### Records for this task ###
Theorem lemmaS5 (R : realType) (alpha beta : R -> R) (rho : \bar R) :
  {within `]0, +oo[%classic, continuous alpha} ->
  {within `]0, +oo[%classic, continuous beta} ->
  (forall u : R, 0 < u -> 0 < alpha u) ->
  (forall u : R, 0 < u -> 0 < beta u) ->
  (@lebesgue_measure R).-integrable `]0, +oo[%classic (EFin \o alpha) ->
  (@lebesgue_measure R).-integrable `]0, +oo[%classic (EFin \o beta) ->
  (0 <= rho)%E ->
  (beta u / alpha u)%:E @[u --> +oo%R] --> rho ->
  (Rintegral (@lebesgue_measure R) `]0, +oo[%classic (fun u => phi z u * beta u)
   / Rintegral (@lebesgue_measure R) `]0, +oo[%classic (fun u => phi z u * alpha u))%:E
    @[z --> +oo%R] --> rho.
Proof.
move=> _ _ alpha_gt0 beta_gt0 int_alpha int_beta rho_ge0 ratio_rho.
have ratio_ge := mixture_ratio_ge alpha_gt0 beta_gt0 int_alpha int_beta.
have ratio_le := mixture_ratio_le alpha_gt0 beta_gt0 int_alpha int_beta.
suff : (mixture z beta / mixture z alpha)%:E @[z --> +oo] --> rho by [].
case: rho rho_ge0 ratio_rho => [r | |] //; rewrite ?lee_fin => r_ge0 ratio_rho.
  apply/fine_cvgP; split; first exact: nearW.
  apply/cvgrPdist_le => e e_gt0 /=; have e2_gt0 : 0 < e / 2 by rewrite divr_gt0.
  move/fine_cvgP : ratio_rho => [_ /cvgrPdist_le /(_ _ e2_gt0) near_r].
  have [ge_r le_r] : (\forall u \near +oo, r - e / 2 <= beta u / alpha u) /\
                     (\forall u \near +oo, beta u / alpha u <= r + e / 2).
    by split; apply: filterS near_r => u; rewrite ler_distlC => /andP[].
  have c_ge0 : 0 <= r + e / 2 by rewrite addr_ge0 // ltW.
  apply: filterS2 (ratio_ge _ ge_r _ e2_gt0) (ratio_le _ c_ge0 le_r _ e2_gt0).
  move=> z lo hi.
  by rewrite ler_distlC; apply/andP; split; lra.
apply/cvgeryP/cvgryPge => K.
have ge_K : \forall u \near +oo, `|K| + 1 <= beta u / alpha u.
  by move/cvgeryP/cvgryPge : ratio_rho; apply.
apply: filterS (ratio_ge _ ge_K _ ltr01) => z.
by apply: le_trans; rewrite addrK ler_norm.
Qed.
###
▶ _The problem_
The reply must consist solely of the lines from the one containing "by rewrite ler_distlC;" through the last line of the data, reproduced exactly.

▶ _Result below_
  by rewrite ler_distlC; apply/andP; split; lra.
apply/cvgeryP/cvgryPge => K.
have ge_K : \forall u \near +oo, `|K| + 1 <= beta u / alpha u.
  by move/cvgeryP/cvgryPge : ratio_rho; apply.
apply: filterS (ratio_ge _ ge_K _ ltr01) => z.
by apply: le_trans; rewrite addrK ler_norm.
Qed.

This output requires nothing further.